→ **Required action**
Each line below that contains "mathcal" counts once; report the total and nothing more.
---------------
(* Let $p>2$, $M>1$, $s_0>M$, $\ell\in\left(p,\min\left\{\frac{(p-1)^2+p-2}{p-2},p^*\right\}\right)$, and for $q\ge p+1$ let $\mathcal N_q$ be as in the context. There exists $\sigma>0$ such that $$\inf_{q\ge p+1}\ \inf_{u\in\mathcal N_q}\|u\|_{L^\infty(B)}\ge\sigma.$$
   Context: $B$ is the open unit ball of $\mathbb R^N$; $p^*=Np/(N-p)$ if $p<N$, $+\infty$ otherwise. $\mathcal C:=\{u\in W^{1,p}_{\mathrm{rad}}(B): u\ge0,\ u(r)\le u(s)\ \text{for }0<r\le s\le1\}$ (radial functions as functions of $r=|x|$). For $q\ge p+1$: $\tilde f_q(s)=s^{q-1}$ on $[0,s_0]$, $\tilde f_q(s)=s_0^{q-1}+\frac{q-1}{\ell-1}s_0^{q-\ell}(s^{\ell-1}-s_0^{\ell-1})$ for $s>s_0$, $\tilde f_q=0$ on $(-\infty,0)$; $\mathcal N_q:=\{u\in\mathcal C\setminus\{0\}: \int_B(|\nabla u|^p+|u|^p)dx=\int_B\tilde f_q(u)u\,dx\}$. *)

From HB Require Import structures.
From mathcomp Require Import all_boot all_order all_algebra.
From mathcomp Require Import all_classical all_reals all_analysis.
Set Implicit Arguments. Unset Strict Implicit. Unset Printing Implicit Defensive.
Import Order.TTheory GRing.Theory Num.Theory.
Import numFieldNormedType.Exports.
Local Open Scope classical_set_scope.
Local Open Scope ring_scope.

Section Defs.
Variable R : realType.
Local Notation leb := (@lebesgue_measure R).

Definition pstar (N : nat) (p : R) : \bar R :=
  if p < N%:R then ((N%:R * p) / (N%:R - p))%:E else +oo%E.

Definition ftilde (s0 l q : R) (s : R) : R :=
  if s < 0 then 0
  else if s <= s0 then s `^ (q - 1)
  else s0 `^ (q - 1) + (q - 1) / (l - 1) * s0 `^ (q - l)
                        * (s `^ (l - 1) - s0 `^ (l - 1)).

(* Radial functions are represented as functions of r = |x| on ]0,1].
   g is the (radial) weak derivative u' of u: u is locally absolutely
   continuous on ]0,1] with u(r) = u(1) - \int_r^1 g. *)
Definition radial_deriv (u g : R -> R) : Prop :=
  measurable_fun `](0:R), 1]%classic g /\
  forall r : R, 0 < r <= 1 ->
    leb.-integrable `[r, (1:R)]%classic (EFin \o g) /\
    u r = u 1 - fine (\int[leb]_(t in `[r, (1:R)]%classic) (g t)%:E).

(* weighted radial integral: \int_B F(|x|) dx = |S^{N-1}| \int_0^1 F(r) r^{N-1} dr *)
Definition radint (N : nat) (F : R -> R) : \bar R :=
  \int[leb]_(r in `](0:R), 1]%classic) (F r * r ^+ N.-1)%:E.

Definition W1p_rad_with (N : nat) (p : R) (u g : R -> R) : Prop :=
  radial_deriv u g /\
  measurable_fun `](0:R), 1]%classic u /\
  (radint N (fun r => (`|g r| `^ p)%R) < +oo)%E /\
  (radint N (fun r => (`|u r| `^ p)%R) < +oo)%E.

Definition cone_C (N : nat) (p : R) (u : R -> R) : Prop :=
  (exists g, W1p_rad_with N p u g) /\
  (forall r, 0 < r <= 1 -> 0 <= u r) /\
  (forall r s, 0 < r -> r <= s -> s <= 1 -> u r <= u s).

Definition nonzero_rad (u : R -> R) : Prop := exists r, 0 < r <= 1 /\ u r != 0.

Definition nehari (N : nat) (p s0 l q : R) (u : R -> R) : Prop :=
  cone_C N p u /\ nonzero_rad u /\
  exists g, W1p_rad_with N p u g /\
    radint N (fun r => `|g r| `^ p + `|u r| `^ p)
    = radint N (fun r => ftilde s0 l q (u r) * u r).

(* ||u||_{L^infty(B)}, computed on the continuous representative on ]0,1] *)
Definition linf_norm (u : R -> R) : \bar R :=
  ereal_sup [set (`|u r|)%:E | r in `](0:R), 1]%classic].
End Defs.

From HB Require Import structures.
From mathcomp Require Import all_boot all_order all_algebra.
From mathcomp Require Import all_classical all_reals all_analysis.
From mathcomp Require Import measurable_realfun lra.
Import Order.TTheory GRing.Theory Num.Theory.
Import numFieldNormedType.Exports.
Set Implicit Arguments. Unset Strict Implicit. Unset Printing Implicit Defensive.
Local Open Scope classical_set_scope.
Local Open Scope ring_scope.

(* Take sigma = 1.  For 0 <= s <= 1 < s0 we have f_q(s) s = s^q <= s^p * s,
   so if ||u||_oo = u(1) < 1 the Nehari identity gives
   \int |u|^p <= \int |u'|^p + |u|^p = \int f_q(u) u <= u(1) \int |u|^p,
   forcing \int |u|^p = 0.  This is impossible: the radial representative
   of u is continuous at 1, so a nonzero nondecreasing u is bounded below by
   a positive constant on some interval [r, 1]. *)

Lemma ge0_le_integral_subset d (T : measurableType d) (R : realType)
    (mu : {measure set T -> \bar R}) (A D : set T) (f g : T -> \bar R) :
  (forall x, A x -> (0 <= f x)%E) -> (forall x, D x -> (0 <= g x)%E) ->
  (forall x, A x -> D x /\ (f x <= g x)%E) ->
  (\int[mu]_(x in A) f x <= \int[mu]_(x in D) g x)%E.
Proof.
move=> f0 g0 fg; rewrite !ge0_integralE //.
apply: ereal_sup_le => _ [h /= hf <-]; exists h => //= x.
apply: le_trans (hf x) _; rewrite /patch; case: ifPn => [|_].
  by rewrite inE => /fg [Dx fgx]; rewrite ifT ?inE.
by case: ifPn => //; rewrite inE => /g0.
Qed.

Lemma ftilde_mul_le (R : realType) (s0 l p q a x : R) :
  p + 1 <= q -> 0 <= x <= a -> x <= 1 -> x <= s0 ->
  ftilde s0 l q x * x <= a * x `^ p.
Proof.
move=> qp /andP[x0 xa] x1 xs0; rewrite /ftilde ltNge x0 /= xs0 [a * _]mulrC.
have [x_eq0|xn0] := eqVneq x 0.
  by rewrite x_eq0 mulr0 mulr_ge0 ?powR_ge0 // -x_eq0.
apply: ler_pM => //; first exact: powR_ge0.
apply: ger_powR; last by rewrite lerBrDr.
by rewrite x1 andbT lt_neqAle eq_sym xn0.
Qed.

Section radial.
Context {R : realType} {N : nat}.
Local Notation leb := (@lebesgue_measure R).
Local Notation D := (`](0:R), 1]%classic).

Lemma radial_deriv_cvg1 (u g : R -> R) (e : R) : radial_deriv u g -> 0 < e ->
  exists r, 0 < r < 1 /\ `|u 1 - u r| < e.
Proof.
move=> [_ urep] e0.
(* u 1 - u r is an integral of g over [r, 1], which is small by absolute
   continuity of the integral of g on [1/2, 1]. *)
have [ig _] := urep (1/2) ltac:(apply/andP; split; lra).
pose f := g \_ `[1/2, (1:R)].
have intf : leb.-integrable setT (EFin \o f).
  by rewrite -restrict_EFin; apply/integrable_restrict => //=; rewrite setTI.
have [d [d0 hd]] := integral_normr_continuous intf e0.
pose r := Num.max (1/2) (1 - d/2).
have r2 : 1/2 <= r by rewrite le_max lexx.
have rd : 1 - d/2 <= r by rewrite le_max lexx orbT.
have r1 : r < 1 by rewrite gt_max; apply/andP; split; lra.
clearbody r.
have [igr ur] := urep r ltac:(apply/andP; split; lra).
exists r; split; first by apply/andP; split; lra.
rewrite ur opprB addrC subrK.
have sub_r : `[r, (1:R)] `<=` `[1/2, (1:R)] by apply: subset_itvr; rewrite bnd_simp.
apply: le_lt_trans (le_normr_Rintegral _ igr) _; first exact: measurable_itv.
have -> : (\int[leb]_(t in `[r, (1:R)]) `|g t|)%R =
          (\int[leb]_(t in `[r, (1:R)]) `|f t|)%R.
  by apply: eq_Rintegral => z; rewrite inE => zr; rewrite /f patchE ifT // inE; apply: sub_r.
apply: hd; first exact: measurable_itv.
have := lebesgue_measure_itv (Interval (BLeft r) (BRight (1:R))).
by rewrite /= lte_fin r1 -EFinD => ->; rewrite lte_fin; lra.
Qed.

Lemma le_radint (F G : R -> R) : (forall r, 0 < r <= 1 -> 0 <= F r <= G r) ->
  (radint N F <= radint N G)%E.
Proof.
move=> FG; have rN (r : R) : 0 < r -> 0 <= r ^+ N.-1 by move=> r0; rewrite exprn_ge0 ?ltW.
apply: ge0_le_integral_subset => [r|r|r] /=; rewrite in_itv /= => r01.
- by have /andP[F0 _] := FG r r01; rewrite lee_fin mulr_ge0 ?rN //; case/andP: r01.
- have /andP[F0 FG'] := FG r r01.
  by rewrite lee_fin mulr_ge0 ?rN ?(le_trans F0) //; case/andP: r01.
- split => //; have /andP[_ FG'] := FG r r01.
  by rewrite lee_fin ler_wpM2r ?rN //; case/andP: r01.
Qed.

Lemma radintZl (a : R) (F : R -> R) : 0 <= a -> measurable_fun D F ->
  (forall r, 0 < r <= 1 -> 0 <= F r) ->
  radint N (fun r => a * F r) = (a%:E * radint N F)%E.
Proof.
move=> a0 mF F0; rewrite /radint -ge0_integralZl_EFin //.
- by apply: eq_integral => r _; rewrite -EFinM mulrA.
- move=> r /=; rewrite in_itv /= => r01; have /andP[r0 _] := r01.
  by rewrite lee_fin; apply: mulr_ge0; [exact: F0 | exact/exprn_ge0/ltW].
- by apply/measurable_EFinP; apply: measurable_funM => //; exact: exprn_measurable.
Qed.

Lemma radint_gt0 (F : R -> R) (r1 c : R) : 0 < r1 < 1 -> 0 < c ->
  (forall r, 0 < r <= 1 -> 0 <= F r) -> (forall r, r1 <= r <= 1 -> c <= F r) ->
  (0 < radint N F)%E.
Proof.
move=> /andP[r10 r11] c0 F0 Fc.
pose c' := c * r1 ^+ N.-1.
have c'0 : 0 < c' by rewrite mulr_gt0 ?exprn_gt0.
have int_c'_gt0 : (0 < \int[leb]_(x in `[r1, 1%R]%classic) (cst c'%:E) x)%E.
  rewrite integral_cst; last exact: measurable_itv.
  have := lebesgue_measure_itv (Interval (BLeft r1) (BRight (1:R))).
  by rewrite /= lte_fin r11 -EFinD => ->; rewrite -EFinM lte_fin mulr_gt0 ?subr_gt0.
apply: lt_le_trans int_c'_gt0 _.
apply: ge0_le_integral_subset => [x _|x|x] /=; first by rewrite lee_fin ltW.
  rewrite in_itv /= => x01; have /andP[x0 _] := x01.
  by rewrite lee_fin; apply: mulr_ge0; [exact: F0 | exact/exprn_ge0/ltW].
rewrite in_itv /= => /andP[r1x x1]; have x0 : 0 < x by apply: lt_le_trans r1x.
split; first by rewrite in_itv /= x0.
rewrite lee_fin; apply: ler_pM.
- exact: ltW.
- by rewrite exprn_ge0 ?ltW.
- by apply: Fc; rewrite r1x x1.
- by apply: lerXn2r; rewrite ?nnegrE ?(ltW r10) ?(ltW x0).
Qed.

End radial.

Theorem lemma5p2 (R : realType) (N : nat) (p M s0 l : R) :
  (1 <= N)%N -> 2 < p -> 1 < M -> M < s0 ->
  p < l -> l < ((p - 1) ^+ 2 + p - 2) / (p - 2) -> (l%:E < pstar N p)%E ->
  exists sigma : R, 0 < sigma /\
    forall (q : R) (u : R -> R), p + 1 <= q -> nehari N p s0 l q u ->
      (sigma%:E <= linf_norm u)%E.
Proof.
move=> _ p2 M1 Ms0 _ _ _; exists 1; split => // q u qp.
move=> [[_ [u_ge0 u_mono]] [[r0 [r0_01 ur0]] [g [[du [mu [_ Iu]]] nehari_id]]]].
have u1_le_norm : ((`|u 1|)%:E <= linf_norm u)%E.
  by apply: ereal_sup_ubound; exists 1 => //; rewrite /= in_itv /= ltr01 lexx.
have [u1_ge1|u1_lt1] := leP 1 (u 1).
  by apply: le_trans u1_le_norm; rewrite lee_fin (le_trans u1_ge1) ?ler_norm.
exfalso.
have u_bound r : 0 < r <= 1 -> 0 <= u r <= u 1.
  by move=> r01; rewrite u_ge0 //; case/andP: r01 => r0' r1'; apply: u_mono.
have u1_gt0 : 0 < u 1.
  have /andP[ur0_ge0 ur0_le] := u_bound r0 r0_01.
  by apply: lt_le_trans ur0_le; rewrite lt_neqAle eq_sym ur0.
have [r1 [r1_01 ur1_near]] := radial_deriv_cvg1 du u1_gt0.
have ur1_gt0 : 0 < u r1 by move: ur1_near; rewrite ltr_norml; lra.
pose I := radint N (fun r => `|u r| `^ p).
have I_gt0 : (0 < I)%E.
  apply: (radint_gt0 r1_01 (powR_gt0 p ur1_gt0)) => [r _|r /andP[r1r r_le1]].
    exact: powR_ge0.
  have r0' : 0 < r by case/andP: r1_01 => r10 _; apply: lt_le_trans r1r.
  have /andP[ur_ge0 _] := u_bound r (andb_true_intro (conj r0' r_le1)).
  rewrite ger0_norm //; apply: ge0_ler_powR.
  - by rewrite ltW // (lt_trans _ p2).
  - by rewrite nnegrE ltW.
  - by rewrite nnegrE.
  - by apply: u_mono; case/andP: r1_01.
have I_le : (I <= (u 1)%:E * I)%E.
  apply: (@le_trans _ _ (radint N (fun r => `|g r| `^ p + `|u r| `^ p))).
    by apply: le_radint => r _; rewrite powR_ge0 lerDr powR_ge0.
  rewrite nehari_id -radintZl ?(ltW u1_gt0) ?powR_ge0 //; last first.
    apply: (measurableT_comp (measurable_powR p)).
    exact: (measurableT_comp (@normr_measurable R _) mu).
  apply: le_radint => r r01; have /andP[ur_ge0 ur_le] := u_bound r r01.
  have ur_le1 : u r <= 1 by lra.
  have ur_le_s0 : u r <= s0 by lra.
  apply/andP; split.
    by rewrite mulr_ge0 // /ftilde ltNge ur_ge0 /= ur_le_s0 powR_ge0.
  by rewrite ger0_norm // ftilde_mul_le ?ur_ge0.
have I_fin : I \is a fin_num by rewrite ge0_fin_numE ?(ltW I_gt0).
move: I_gt0 I_le; rewrite -(fineK I_fin) lte_fin -EFinM lee_fin; nra.
Qed.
---------------
→ **Answer space**
2